- Fit for 55 (FF55) policies should support future industry investments in new aircraft technologies and SAFs – two key tools to decarbonise aviation by 2050.
- Unilateral and double pricing of CO2 under several market-based mechanisms is economically and ecologically counter-productive and could distort competition within the EU and globally.
- The sector’s Destination 2050 decarbonisation roadmap shows alignment with EU climate goals without the need for further cost increases.
- Carbon leakage and competitive distortion within and outside Europe will need to be mitigated.
Brussels, 14 July 2021 –The European Commission’s “Fit for 55” package published today includes several proposals that will significantly impact European airlines in the years to come. For aviation, future European policies are crucial to ensure investment in new fleets, Sustainable Aviation Fuels (SAFs), and new technologies — such as electric and hydrogen aircraft, and to achieve more efficient air traffic management via an updated Single European Sky. Europe’s airlines have ambitious targets in line with the COP21 Paris Agreement. The sector is committed to accelerating its emissions reductions to reach net zero CO2 emissions by 2050 for all flights within and departing Europe and to significantly reduce emissions by 2030 as per the sector’s Destination 2050 roadmap. Aviation is responsible for around 3% of global emissions.
Relevant policies for aviation in Fit for 55 include a SAF blending mandate under the ReFuel EU Aviation initiative; the review of the Energy Taxation Directive (ETD); the proposals on EU ETS and CORSIA; the review of the Renewable Energy Directive (RED) and the alternative fuels infrastructure Directive.
“The proposals unveiled today will have a transformative impact on the sector. We look forward to working with policy-makers to ensure airlines can deliver on our commitments, while at the same time making sure regulators also play their part. In the end we must keep air transport affordable and accessible to all citizens”, said Thomas Reynaert, Managing Director, A4E.
“We reaffirm our position, however, that climate policy regulation can be ecologically and economically counterproductive. Badly designed European taxes will not reduce emissions. Making flying more expensive, may shift demand globally and reduce traffic locally. But it will not tackle the source of the emissions. We need to invest in solutions that offer real reductions in CO2 emissions per aircraft. Increasing costs reduces our capacity to make these investments whilst CO2 emissions are potentially shifted to other regions”, Reynaert added.
In this regard, unilateral and double pricing of CO2 under several market-based measures would be economically counterproductive. If airlines pay for their CO2 under the EU ETS, for instance, they should not have to pay for it again elsewhere. Inefficient policies leading to a disproportionate cost burden hamper aviation’s decarbonisation plans.
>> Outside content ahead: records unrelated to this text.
Lemma lin_indep2_of_timelike A B : timelike_plane A B -> lin_indep2 A B.
Proof.
  intros HT a b E.
  apply (gram_system (ip A A) (ip A B) (ip B B)); [unfold timelike_plane in HT; lra| |].
  - transitivity (ip (vadd (vscale a A) (vscale b B)) A); [unfold ip; simpl; ring|].
    rewrite E. unfold ip, vzero; simpl; ring.
  - transitivity (ip (vadd (vscale a A) (vscale b B)) B); [unfold ip; simpl; ring|].
    rewrite E. unfold ip, vzero; simpl; ring.
Qed.

Lemma timelike_plane_ip_neq0 A B p q :
  timelike_plane A B -> vadd (vscale p A) (vscale q B) <> vzero ->
  ip A (vadd (vscale p A) (vscale q B)) <> 0 \/ ip B (vadd (vscale p A) (vscale q B)) <> 0.
Proof.
  intros HT Hn.
  destruct (Req_dec (ip A (vadd (vscale p A) (vscale q B))) 0) as [H1|H1]; [|left; auto].
  destruct (Req_dec (ip B (vadd (vscale p A) (vscale q B))) 0) as [H2|H2]; [|right; auto].
  exfalso. apply Hn.
  destruct (gram_system (ip A A) (ip A B) (ip B B) p q) as [-> ->].
  - unfold timelike_plane in HT; lra.
  - rewrite <- H1. unfold ip; simpl; ring.
  - rewrite <- H2. unfold ip; simpl; ring.
  - apply vec_ext; simpl; ring.
Qed.

Lemma timelike_plane_orth_null A B p q a b :
  timelike_plane A B -> vadd (vscale p A) (vscale q B) <> vzero ->
  ip (vadd (vscale p A) (vscale q B)) (vadd (vscale p A) (vscale q B)) = 0 ->
  ip (vadd (vscale a A) (vscale b B)) (vadd (vscale p A) (vscale q B)) = 0 ->
  exists l, vadd (vscale a A) (vscale b B) = vscale l (vadd (vscale p A) (vscale q B)).
Proof.
  intros HT Hn HN HX.
  set (T := vadd (vscale p A) (vscale q B)) in *.
  set (X := vadd (vscale a A) (vscale b B)) in *.
  assert (Id : ip X X * ip T T - ip X T * ip X T =
               (a * q - b * p) ^ 2 * (ip A A * ip B B - ip A B * ip A B))
    by (unfold X, T, ip; simpl; ring).
  rewrite HN, HX in Id. unfold timelike_plane in HT.
  assert (Hz : a * q - b * p = 0).
  { assert (E : (a * q - b * p) ^ 2 * (ip A A * ip B B - ip A B * ip A B) = 0)
      by (rewrite <- Id; ring).
    apply Rmult_integral in E. destruct E as [E|E]; [|lra].
    nra. }
  destruct (Req_dec p 0) as [Hp|Hp].
  - assert (Hq : q <> 0).
    { intro Hq. apply Hn. unfold T; rewrite Hp, Hq. apply vec_ext; simpl; ring. }
    assert (Ha : a = 0) by (subst p; apply Rmult_eq_reg_r with q; auto; lra).
    exists (b / q). unfold X, T. rewrite Ha, Hp. apply vec_ext; simpl; field; auto.
  - exists (a / p). unfold X, T.
    assert (Hb : b = a * q / p) by (apply Rmult_eq_reg_r with p; auto; field_simplify; lra).
    rewrite Hb. apply vec_ext; simpl; field; auto.
Qed.

Lemma null_orth_parallel V N : ip V V = 0 -> ip N N = 0 -> ip V N = 0 -> v1 N <> 0 ->
  V = vscale (v1 V / v1 N) N.
Proof.
  intros H1 H2 H3 Hn. unfold ip in *. destruct V as [x1 x2 x3], N as [n1 n2 n3]; simpl in *.
  assert (S : (x2 * n1 - x1 * n2) ^ 2 + (x3 * n1 - x1 * n3) ^ 2 = 0).
  { replace ((x2 * n1 - x1 * n2) ^ 2 + (x3 * n1 - x1 * n3) ^ 2) with
      ((x2 * x2 + x3 * x3) * (n1 * n1) - 2 * (x1 * n1) * (x2 * n2 + x3 * n3)
       + (x1 * x1) * (n2 * n2 + n3 * n3)) by ring.
    replace (x2 * x2 + x3 * x3) with (x1 * x1) by lra.
    replace (n2 * n2 + n3 * n3) with (n1 * n1) by lra.
    replace (x2 * n2 + x3 * n3) with (x1 * n1) by lra. ring. }
  assert (P1 := pow2_ge_0 (x2 * n1 - x1 * n2)). assert (P2 := pow2_ge_0 (x3 * n1 - x1 * n3)).
  assert (A1 : (x2 * n1 - x1 * n2) ^ 2 = 0) by lra.
  assert (A2 : (x3 * n1 - x1 * n3) ^ 2 = 0) by lra.
  simpl in A1, A2. rewrite Rmult_1_r in A1, A2.
  apply Rmult_integral in A1. apply Rmult_integral in A2.
  assert (x2 * n1 = x1 * n2) by (destruct A1; lra).
  assert (x3 * n1 = x1 * n3) by (destruct A2; lra).
  apply vec_ext; simpl; apply Rmult_eq_reg_r with n1; auto; field_simplify; auto; lra.
Qed.

(* Lorentzian cross product: [ip (lcross Z V) W] is the determinant of [Z, V, W]. *)
Definition lcross (Z V : vec) : vec :=
  mkV (- (v2 Z * v3 V - v3 Z * v2 V)) (v3 Z * v1 V - v1 Z * v3 V) (v1 Z * v2 V - v2 Z * v1 V).

(* On a null vector [V] orthogonal to [Z], [lcross Z] acts as multiplication by
   [null_eigenvalue Z V], whose square is [ip Z Z]; its sign tells apart the (at
   most two) null lines of [Z^perp]. *)
Definition null_eigenvalue (Z V : vec) : R := v1 (lcross Z V) / v1 V.

Lemma lcross_null_eigen Z V : ip V V = 0 -> ip Z V = 0 -> v1 V <> 0 ->
  lcross Z V = vscale (null_eigenvalue Z V) V.
Proof.
  intros H1 H2 Hn. unfold null_eigenvalue, lcross, ip, vscale in *.
  destruct Z as [a b c], V as [x y z]; simpl in *.
  assert (K1 : (c * x - a * z) * x + (b * z - c * y) * y =
               - c * (- x * x + y * y + z * z) + z * (- a * x + b * y + c * z)) by ring.
  assert (K2 : (a * y - b * x) * x + (b * z - c * y) * z =
               b * (- x * x + y * y + z * z) - y * (- a * x + b * y + c * z)) by ring.
  rewrite H1, H2 in K1, K2.
  apply vec_ext; simpl; apply Rmult_eq_reg_r with x; auto; field_simplify; auto; lra.
Qed.

Lemma null_eigenvalue_sqr Z V : ip V V = 0 -> ip Z V = 0 -> v1 V <> 0 ->
  null_eigenvalue Z V * null_eigenvalue Z V = ip Z Z.
Proof.
  intros H1 H2 Hn. unfold null_eigenvalue, lcross, ip in *.
  destruct Z as [a b c], V as [x y z]; simpl in *.
  assert (K : (b * z - c * y) * (b * z - c * y) - (- a * a + b * b + c * c) * (x * x) =
     (b * b + c * c) * (- x * x + y * y + z * z) - 2 * a * x * (- a * x + b * y + c * z)
     - (- a * x + b * y + c * z) * (- a * x + b * y + c * z)) by ring.
  rewrite H1, H2 in K.
  apply Rmult_eq_reg_r with (x * x); [|intro; apply Hn; nra].
  field_simplify; auto. lra.
Qed.

Lemma null_eigen_parallel Z V N : Z <> vzero ->
  ip V V = 0 -> ip Z V = 0 -> v1 V <> 0 ->
  ip N N = 0 -> ip Z N = 0 -> v1 N <> 0 ->
  null_eigenvalue Z V = null_eigenvalue Z N -> V = vscale (v1 V / v1 N) N.
Proof.
  intros HZ HV ZV V1 HN ZN N1 Hk.
  destruct (Req_dec (null_eigenvalue Z N) 0) as [K0|K0].
  - (* then [Z] is itself null, and both [V] and [N] lie on its line *)
    assert (ZZ : ip Z Z = 0) by (rewrite <- (null_eigenvalue_sqr Z N), K0; auto; ring).
    assert (Z1 : v1 Z <> 0) by (apply lightlike_v1_neq0; auto).
    assert (EV := null_orth_parallel V Z HV ZZ ltac:(unfold ip in *; lra) Z1).
    assert (EN := null_orth_parallel N Z HN ZZ ltac:(unfold ip in *; lra) Z1).
    set (sV := v1 V / v1 Z) in EV. set (sN := v1 N / v1 Z) in EN.
    assert (HsN : sN <> 0) by (intro E0; apply N1; rewrite EN; simpl; rewrite E0; ring).
    rewrite EV, EN. apply vec_ext; simpl; field; auto.
  - apply null_orth_parallel; auto.
    assert (S : ip (lcross Z V) N = - ip (lcross Z N) V) by (unfold lcross, ip; simpl; ring).
    rewrite (lcross_null_eigen Z V), (lcross_null_eigen Z N), Hk in S; auto.
    unfold ip, vscale in S; simpl in S.
    assert (E : null_eigenvalue Z N * (2 * ip V N) = 0) by (unfold ip; lra).
    apply Rmult_integral in E. destruct E; [contradiction| lra].
Qed.

Lemma tangential_part_null_orth Z a b : timelike_plane a b ->
  ip (tangential_part Z a b) (tangential_part Z a b) = ip (tangential_part Z a b) Z.
Proof.
  intros HT. unfold timelike_plane in HT.
  unfold tangential_part, ip in *. destruct Z, a, b; simpl in *. field. lra.
Qed.

Lemma tangential_part_vzero a b : tangential_part vzero a b = vzero.
Proof. unfold tangential_part, ip, vzero; simpl. apply vec_ext; simpl; unfold Rdiv; ring. Qed.

Lemma tangential_part_span Z a b :
  exists c d, tangential_part Z a b = vadd (vscale c a) (vscale d b).
Proof. unfold tangential_part. eexists; eexists; reflexivity. Qed.

Lemma smooth_vec2_coord U A : smooth_vec2 U A ->
  forall pr, is_coord pr -> smooth2 U (fun x y => pr (A x y)).
Proof. intros [H1 [H2 H3]] pr [->|[->| ->]]; auto. Qed.

Lemma smooth_vec2_of_coord U A :
  (forall pr, is_coord pr -> smooth2 U (fun x y => pr (A x y))) -> smooth_vec2 U A.
Proof. intros H. unfold is_coord in H; repeat split; apply H; auto. Qed.

Lemma smooth_vec2_const U C : smooth_vec2 U (fun _ _ => C).
Proof. repeat split; apply smooth2_const. Qed.

Ltac smooth2_arith := repeat first
  [ assumption
  | apply smooth2_const | apply smooth2_fst | apply smooth2_snd
  | apply smooth2_plus | apply smooth2_minus; [assumption| |]
  | apply smooth2_mult; [assumption| |] | apply smooth2_opp; [assumption|]
  | apply smooth2_inv; [assumption| solve [auto] |] ].

Lemma smooth2_ip U A B : open2 U -> smooth_vec2 U A -> smooth_vec2 U B ->
  smooth2 U (fun x y => ip (A x y) (B x y)).
Proof. intros HO [A1 [A2 A3]] [B1 [B2 B3]]. unfold ip. smooth2_arith. Qed.

Lemma smooth_vec2_tangential_part U Z a b : open2 U -> smooth_vec2 U a -> smooth_vec2 U b ->
  (forall x y, U x y -> timelike_plane (a x y) (b x y)) ->
  smooth_vec2 U (fun x y => tangential_part Z (a x y) (b x y)).
Proof.
  intros HO Ha Hb HT.
  assert (E := smooth2_ip U a a HO Ha Ha). assert (Fm := smooth2_ip U a b HO Ha Hb).
  assert (G := smooth2_ip U b b HO Hb Hb).
  assert (Za := smooth2_ip U (fun _ _ => Z) a HO (smooth_vec2_const U Z) Ha).
  assert (Zb := smooth2_ip U (fun _ _ => Z) b HO (smooth_vec2_const U Z) Hb).
  assert (Dn : forall x y, U x y -> ip (a x y) (a x y) * ip (b x y) (b x y)
                                  - ip (a x y) (b x y) * ip (a x y) (b x y) <> 0)
    by (intros x y H; specialize (HT x y H); unfold timelike_plane in HT; lra).
  assert (SD : smooth2 U (fun x y => ip (a x y) (a x y) * ip (b x y) (b x y)
                                   - ip (a x y) (b x y) * ip (a x y) (b x y)))
    by smooth2_arith.
  destruct Ha as [a1 [a2 a3]]. destruct Hb as [b1 [b2 b3]].
  unfold tangential_part; simpl. unfold Rdiv. repeat split; smooth2_arith.
Qed.

(** * The null direction of [Z^T] *)

Lemma cont2_on_sqr_locally_const U f c u0 v0 : open2 U -> cont2_on U f -> U u0 v0 ->
  (forall u v, U u v -> f u v * f u v = c) ->
  exists rho, 0 < rho /\ forall u v, Rabs (u - u0) < rho -> Rabs (v - v0) < rho ->
    U u v /\ f u v = f u0 v0.
Proof.
  intros HO HC H0 Hsq.
  destruct (HO u0 v0 H0) as [r0 [Hr0 HU0]].
  destruct (Req_dec (f u0 v0) 0) as [K0|K0].
  - exists r0; split; auto. intros u v Hu Hv. assert (Huv := HU0 u v Hu Hv).
    split; auto. rewrite K0.
    assert (E : f u v * f u v = 0) by (rewrite Hsq, <- (Hsq u0 v0), K0; auto; ring).
    apply Rmult_integral in E. tauto.
  - assert (Hk : 0 < Rabs (f u0 v0)) by (apply Rabs_pos_lt; auto).
    destruct (continuity_2d_pt_of_cont2_on U f u0 v0 HO HC H0 (mkposreal _ Hk)) as [d Hd].
    simpl in Hd.
    exists (Rmin r0 d). split; [apply Rmin_pos; [auto| apply cond_pos]|].
    intros u v Hu Hv.
    assert (M1 := Rmin_l r0 d). assert (M2 := Rmin_r r0 d).
    assert (Huv := HU0 u v ltac:(lra) ltac:(lra)). split; auto.
    assert (Dk := Hd u v ltac:(lra) ltac:(lra)).
    assert (F1 : (f u v - f u0 v0) * (f u v + f u0 v0) = 0)
      by (replace ((f u v - f u0 v0) * (f u v + f u0 v0))
            with (f u v * f u v - f u0 v0 * f u0 v0) by ring;
          rewrite (Hsq u v), (Hsq u0 v0); auto; ring).
    apply Rmult_integral in F1. destruct F1 as [F1|F1]; [lra|].
    exfalso. replace (f u v - f u0 v0) with (- (2 * f u0 v0)) in Dk by lra.
    rewrite Rabs_Ropp, Rabs_mult, (Rabs_right 2) in Dk by lra. lra.
Qed.

Lemma null_direction_locally_const U a b Z u0 v0 : open2 U -> U u0 v0 ->
  smooth_vec2 U a -> smooth_vec2 U b ->
  (forall x y, U x y -> timelike_plane (a x y) (b x y)) ->
  (forall x y, U x y -> lightlike (tangential_part Z (a x y) (b x y))) ->
  exists rho, 0 < rho /\ forall u v, Rabs (u - u0) < rho -> Rabs (v - v0) < rho ->
    U u v /\ exists c d,
      tangential_part Z (a u0 v0) (b u0 v0) = vadd (vscale c (a u v)) (vscale d (b u v)).
Proof.
  intros HO H0 Sa Sb HT HN.
  set (X := fun x y => tangential_part Z (a x y) (b x y)).
  assert (Orth : forall x y, U x y -> ip Z (X x y) = 0).
  { intros x y H. assert (E := tangential_part_null_orth Z (a x y) (b x y) (HT x y H)).
    destruct (HN x y H) as [_ Hn]. fold (X x y) in E, Hn. unfold ip in *; lra. }
  assert (Zn : Z <> vzero).
  { intro EZ. destruct (HN u0 v0 H0) as [Hn _]. apply Hn. rewrite EZ. apply tangential_part_vzero. }
  assert (X1 : forall x y, U x y -> v1 (X x y) <> 0)
    by (intros x y H; destruct (HN x y H); apply lightlike_v1_neq0; auto).
  assert (SX : smooth_vec2 U X) by (apply smooth_vec2_tangential_part; auto).
  assert (SK : smooth2 U (fun x y => null_eigenvalue Z (X x y))).
  { destruct SX as [s1 [s2 s3]]. unfold null_eigenvalue, lcross; simpl.
    apply smooth2_div; auto. smooth2_arith. }
  destruct (cont2_on_sqr_locally_const U _ (ip Z Z) u0 v0 HO (smooth2_cont U _ HO SK) H0)
    as [rho [Hrho Hs]].
  { intros u v H. destruct (HN u v H). apply null_eigenvalue_sqr; auto. }
  exists rho; split; auto. intros u v Hu Hv. destruct (Hs u v Hu Hv) as [Huv Hk].
  split; auto.
  destruct (HN u v Huv) as [_ L1]. destruct (HN u0 v0 H0) as [_ L0].
  assert (P := null_eigen_parallel Z (X u v) (X u0 v0) Zn L1 (Orth u v Huv) (X1 u v Huv)
                 L0 (Orth u0 v0 H0) (X1 u0 v0 H0) Hk).
  set (l := v1 (X u v) / v1 (X u0 v0)) in P.
  assert (Hl : l <> 0)
    by (unfold l; apply Rmult_integral_contrapositive; split;
        [apply X1; auto| apply Rinv_neq_0_compat; apply X1; auto]).
  destruct (tangential_part_span Z (a u v) (b u v)) as [c [d Ecd]].
  exists (c / l), (d / l). fold (X u0 v0). fold (X u v) in Ecd.
  apply vec_ext_coord. intros pr Hpr.
  assert (E1 : pr (X u v) = l * pr (X u0 v0)) by (rewrite P at 1; apply coord_vscale; auto).
  rewrite Ecd, coord_vadd, !coord_vscale in E1 by auto.
  rewrite coord_vadd, !coord_vscale by auto.
  apply Rmult_eq_reg_l with l; auto. rewrite <- E1. field; auto.
Qed.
As one of the sectors hardest hit by the pandemic and with an essential role in kick-starting societal and economic recovery – future EU policies must guarantee and support the sector’s competitiveness. The Fit for 55 policies risks affecting this competitiveness and that of the entire aviation ecosystem, Europe’s tourism industry and the wider EU economy. Carbon leakage will need to be mitigated through appropriate measures, such as uniform regulations, carbon border adjustment, or designated finance mechanisms to preserve competition neutrality.
Destination 2050 (D2050) showed that decarbonisation and an alignment of the aviation industry with the EU’s climate targets is possible without further significant cost increases in the sector. The European aviation sector’s pathway would guarantee that air transport can decarbonise without compromising its ability to continue delivering social and economic benefits globally.
Any further taxes on aviation must also take into account the overarching costs which are unique to airlines in Europe, and how these relate to decarbonisation efforts. This includes, among others: ticket taxes, solidarity taxes, air traffic control charges, airport charges and security costs – the latter of which is paid for by the State in other sectors. These costs are unevenly carried by other modes of transport and should be better considered when designing future economic policies.